__Exercise__. Your response should consist solely of the records, written out exactly.

[Stored items]
⁂
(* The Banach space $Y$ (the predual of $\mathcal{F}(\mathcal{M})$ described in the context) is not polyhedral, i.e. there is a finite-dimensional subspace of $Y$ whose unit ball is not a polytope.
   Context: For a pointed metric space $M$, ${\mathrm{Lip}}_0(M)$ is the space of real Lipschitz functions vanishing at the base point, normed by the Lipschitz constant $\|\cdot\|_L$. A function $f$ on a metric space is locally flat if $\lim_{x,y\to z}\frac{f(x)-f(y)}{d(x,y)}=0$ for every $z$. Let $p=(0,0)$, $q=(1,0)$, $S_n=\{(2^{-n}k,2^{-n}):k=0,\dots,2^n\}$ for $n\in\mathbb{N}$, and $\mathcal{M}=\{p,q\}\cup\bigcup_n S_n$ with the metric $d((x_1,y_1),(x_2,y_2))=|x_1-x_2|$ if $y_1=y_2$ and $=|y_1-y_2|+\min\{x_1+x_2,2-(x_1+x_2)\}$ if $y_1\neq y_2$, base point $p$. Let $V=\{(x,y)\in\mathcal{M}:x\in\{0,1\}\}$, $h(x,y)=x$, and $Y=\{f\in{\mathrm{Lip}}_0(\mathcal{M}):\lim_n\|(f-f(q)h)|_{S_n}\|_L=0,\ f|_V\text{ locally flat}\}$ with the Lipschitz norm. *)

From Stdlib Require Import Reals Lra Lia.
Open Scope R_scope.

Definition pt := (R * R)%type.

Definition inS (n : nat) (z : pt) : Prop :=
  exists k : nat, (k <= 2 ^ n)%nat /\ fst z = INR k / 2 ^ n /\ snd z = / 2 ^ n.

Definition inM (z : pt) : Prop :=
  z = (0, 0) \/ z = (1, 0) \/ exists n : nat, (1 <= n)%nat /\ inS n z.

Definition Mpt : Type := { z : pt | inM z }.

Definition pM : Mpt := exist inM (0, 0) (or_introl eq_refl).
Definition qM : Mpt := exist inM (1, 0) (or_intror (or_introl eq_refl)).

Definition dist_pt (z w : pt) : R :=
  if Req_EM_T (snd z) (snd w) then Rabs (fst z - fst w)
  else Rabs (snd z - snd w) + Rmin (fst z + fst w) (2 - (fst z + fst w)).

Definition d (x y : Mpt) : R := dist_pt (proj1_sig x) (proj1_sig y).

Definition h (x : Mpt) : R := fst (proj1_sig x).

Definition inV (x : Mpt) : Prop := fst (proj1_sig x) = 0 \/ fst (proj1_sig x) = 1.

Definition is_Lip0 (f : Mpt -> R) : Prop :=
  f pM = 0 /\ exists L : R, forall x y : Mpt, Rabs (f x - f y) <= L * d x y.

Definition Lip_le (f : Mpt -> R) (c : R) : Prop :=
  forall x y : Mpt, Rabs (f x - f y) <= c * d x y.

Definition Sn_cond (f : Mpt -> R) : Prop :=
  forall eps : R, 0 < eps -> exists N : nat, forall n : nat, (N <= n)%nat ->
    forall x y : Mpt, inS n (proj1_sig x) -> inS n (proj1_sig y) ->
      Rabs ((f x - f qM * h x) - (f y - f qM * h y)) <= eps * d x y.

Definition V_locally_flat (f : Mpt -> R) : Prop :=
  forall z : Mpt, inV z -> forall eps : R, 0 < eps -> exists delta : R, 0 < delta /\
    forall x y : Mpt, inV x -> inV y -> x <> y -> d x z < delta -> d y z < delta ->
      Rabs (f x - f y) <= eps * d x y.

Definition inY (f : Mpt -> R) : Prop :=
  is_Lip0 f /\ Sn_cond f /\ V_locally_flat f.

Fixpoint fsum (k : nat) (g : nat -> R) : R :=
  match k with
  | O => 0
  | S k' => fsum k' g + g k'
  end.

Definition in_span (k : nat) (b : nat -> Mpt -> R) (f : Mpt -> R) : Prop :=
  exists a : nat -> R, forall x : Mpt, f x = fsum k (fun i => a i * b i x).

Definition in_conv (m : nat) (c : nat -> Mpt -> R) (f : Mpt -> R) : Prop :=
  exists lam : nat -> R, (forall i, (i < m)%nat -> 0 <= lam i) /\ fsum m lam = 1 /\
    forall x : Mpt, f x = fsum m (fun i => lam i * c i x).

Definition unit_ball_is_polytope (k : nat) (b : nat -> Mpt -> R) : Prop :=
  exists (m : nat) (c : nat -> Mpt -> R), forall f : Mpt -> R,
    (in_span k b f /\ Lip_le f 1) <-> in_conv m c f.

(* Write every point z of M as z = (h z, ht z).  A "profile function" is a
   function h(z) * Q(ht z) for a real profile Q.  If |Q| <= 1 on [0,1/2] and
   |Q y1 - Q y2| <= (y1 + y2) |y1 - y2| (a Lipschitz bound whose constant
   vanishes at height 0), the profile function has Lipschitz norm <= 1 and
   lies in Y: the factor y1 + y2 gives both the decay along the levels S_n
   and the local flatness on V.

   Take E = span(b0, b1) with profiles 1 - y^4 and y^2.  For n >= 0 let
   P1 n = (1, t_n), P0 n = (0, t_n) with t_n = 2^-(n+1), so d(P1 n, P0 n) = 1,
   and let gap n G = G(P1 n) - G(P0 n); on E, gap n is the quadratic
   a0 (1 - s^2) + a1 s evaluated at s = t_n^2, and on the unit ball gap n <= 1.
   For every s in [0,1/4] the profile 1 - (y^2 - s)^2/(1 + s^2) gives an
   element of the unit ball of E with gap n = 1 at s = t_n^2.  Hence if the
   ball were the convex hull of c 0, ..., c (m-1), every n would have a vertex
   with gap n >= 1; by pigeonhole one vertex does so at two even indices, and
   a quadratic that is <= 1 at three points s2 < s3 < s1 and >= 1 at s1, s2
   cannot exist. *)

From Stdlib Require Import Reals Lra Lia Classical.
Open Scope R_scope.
⁂
__Response area__.
(* The Banach space $Y$ (the predual of $\mathcal{F}(\mathcal{M})$ described in the context) is not polyhedral, i.e. there is a finite-dimensional subspace of $Y$ whose unit ball is not a polytope.
   Context: For a pointed metric space $M$, ${\mathrm{Lip}}_0(M)$ is the space of real Lipschitz functions vanishing at the base point, normed by the Lipschitz constant $\|\cdot\|_L$. A function $f$ on a metric space is locally flat if $\lim_{x,y\to z}\frac{f(x)-f(y)}{d(x,y)}=0$ for every $z$. Let $p=(0,0)$, $q=(1,0)$, $S_n=\{(2^{-n}k,2^{-n}):k=0,\dots,2^n\}$ for $n\in\mathbb{N}$, and $\mathcal{M}=\{p,q\}\cup\bigcup_n S_n$ with the metric $d((x_1,y_1),(x_2,y_2))=|x_1-x_2|$ if $y_1=y_2$ and $=|y_1-y_2|+\min\{x_1+x_2,2-(x_1+x_2)\}$ if $y_1\neq y_2$, base point $p$. Let $V=\{(x,y)\in\mathcal{M}:x\in\{0,1\}\}$, $h(x,y)=x$, and $Y=\{f\in{\mathrm{Lip}}_0(\mathcal{M}):\lim_n\|(f-f(q)h)|_{S_n}\|_L=0,\ f|_V\text{ locally flat}\}$ with the Lipschitz norm. *)

From Stdlib Require Import Reals Lra Lia.
Open Scope R_scope.

Definition pt := (R * R)%type.

Definition inS (n : nat) (z : pt) : Prop :=
  exists k : nat, (k <= 2 ^ n)%nat /\ fst z = INR k / 2 ^ n /\ snd z = / 2 ^ n.

Definition inM (z : pt) : Prop :=
  z = (0, 0) \/ z = (1, 0) \/ exists n : nat, (1 <= n)%nat /\ inS n z.

Definition Mpt : Type := { z : pt | inM z }.

Definition pM : Mpt := exist inM (0, 0) (or_introl eq_refl).
Definition qM : Mpt := exist inM (1, 0) (or_intror (or_introl eq_refl)).

Definition dist_pt (z w : pt) : R :=
  if Req_EM_T (snd z) (snd w) then Rabs (fst z - fst w)
  else Rabs (snd z - snd w) + Rmin (fst z + fst w) (2 - (fst z + fst w)).

Definition d (x y : Mpt) : R := dist_pt (proj1_sig x) (proj1_sig y).

Definition h (x : Mpt) : R := fst (proj1_sig x).

Definition inV (x : Mpt) : Prop := fst (proj1_sig x) = 0 \/ fst (proj1_sig x) = 1.

Definition is_Lip0 (f : Mpt -> R) : Prop :=
  f pM = 0 /\ exists L : R, forall x y : Mpt, Rabs (f x - f y) <= L * d x y.

Definition Lip_le (f : Mpt -> R) (c : R) : Prop :=
  forall x y : Mpt, Rabs (f x - f y) <= c * d x y.

Definition Sn_cond (f : Mpt -> R) : Prop :=
  forall eps : R, 0 < eps -> exists N : nat, forall n : nat, (N <= n)%nat ->
    forall x y : Mpt, inS n (proj1_sig x) -> inS n (proj1_sig y) ->
      Rabs ((f x - f qM * h x) - (f y - f qM * h y)) <= eps * d x y.

Definition V_locally_flat (f : Mpt -> R) : Prop :=
  forall z : Mpt, inV z -> forall eps : R, 0 < eps -> exists delta : R, 0 < delta /\
    forall x y : Mpt, inV x -> inV y -> x <> y -> d x z < delta -> d y z < delta ->
      Rabs (f x - f y) <= eps * d x y.

Definition inY (f : Mpt -> R) : Prop :=
  is_Lip0 f /\ Sn_cond f /\ V_locally_flat f.

Fixpoint fsum (k : nat) (g : nat -> R) : R :=
  match k with
  | O => 0
  | S k' => fsum k' g + g k'
  end.

Definition in_span (k : nat) (b : nat -> Mpt -> R) (f : Mpt -> R) : Prop :=
  exists a : nat -> R, forall x : Mpt, f x = fsum k (fun i => a i * b i x).

Definition in_conv (m : nat) (c : nat -> Mpt -> R) (f : Mpt -> R) : Prop :=
  exists lam : nat -> R, (forall i, (i < m)%nat -> 0 <= lam i) /\ fsum m lam = 1 /\
    forall x : Mpt, f x = fsum m (fun i => lam i * c i x).

Definition unit_ball_is_polytope (k : nat) (b : nat -> Mpt -> R) : Prop :=
  exists (m : nat) (c : nat -> Mpt -> R), forall f : Mpt -> R,
    (in_span k b f /\ Lip_le f 1) <-> in_conv m c f.

(* Write every point z of M as z = (h z, ht z).  A "profile function" is a
   function h(z) * Q(ht z) for a real profile Q.  If |Q| <= 1 on [0,1/2] and
   |Q y1 - Q y2| <= (y1 + y2) |y1 - y2| (a Lipschitz bound whose constant
   vanishes at height 0), the profile function has Lipschitz norm <= 1 and
   lies in Y: the factor y1 + y2 gives both the decay along the levels S_n
   and the local flatness on V.

   Take E = span(b0, b1) with profiles 1 - y^4 and y^2.  For n >= 0 let
   P1 n = (1, t_n), P0 n = (0, t_n) with t_n = 2^-(n+1), so d(P1 n, P0 n) = 1,
   and let gap n G = G(P1 n) - G(P0 n); on E, gap n is the quadratic
   a0 (1 - s^2) + a1 s evaluated at s = t_n^2, and on the unit ball gap n <= 1.
   For every s in [0,1/4] the profile 1 - (y^2 - s)^2/(1 + s^2) gives an
   element of the unit ball of E with gap n = 1 at s = t_n^2.  Hence if the
   ball were the convex hull of c 0, ..., c (m-1), every n would have a vertex
   with gap n >= 1; by pigeonhole one vertex does so at two even indices, and
   a quadratic that is <= 1 at three points s2 < s3 < s1 and >= 1 at s1, s2
   cannot exist. *)

From Stdlib Require Import Reals Lra Lia Classical.
Open Scope R_scope.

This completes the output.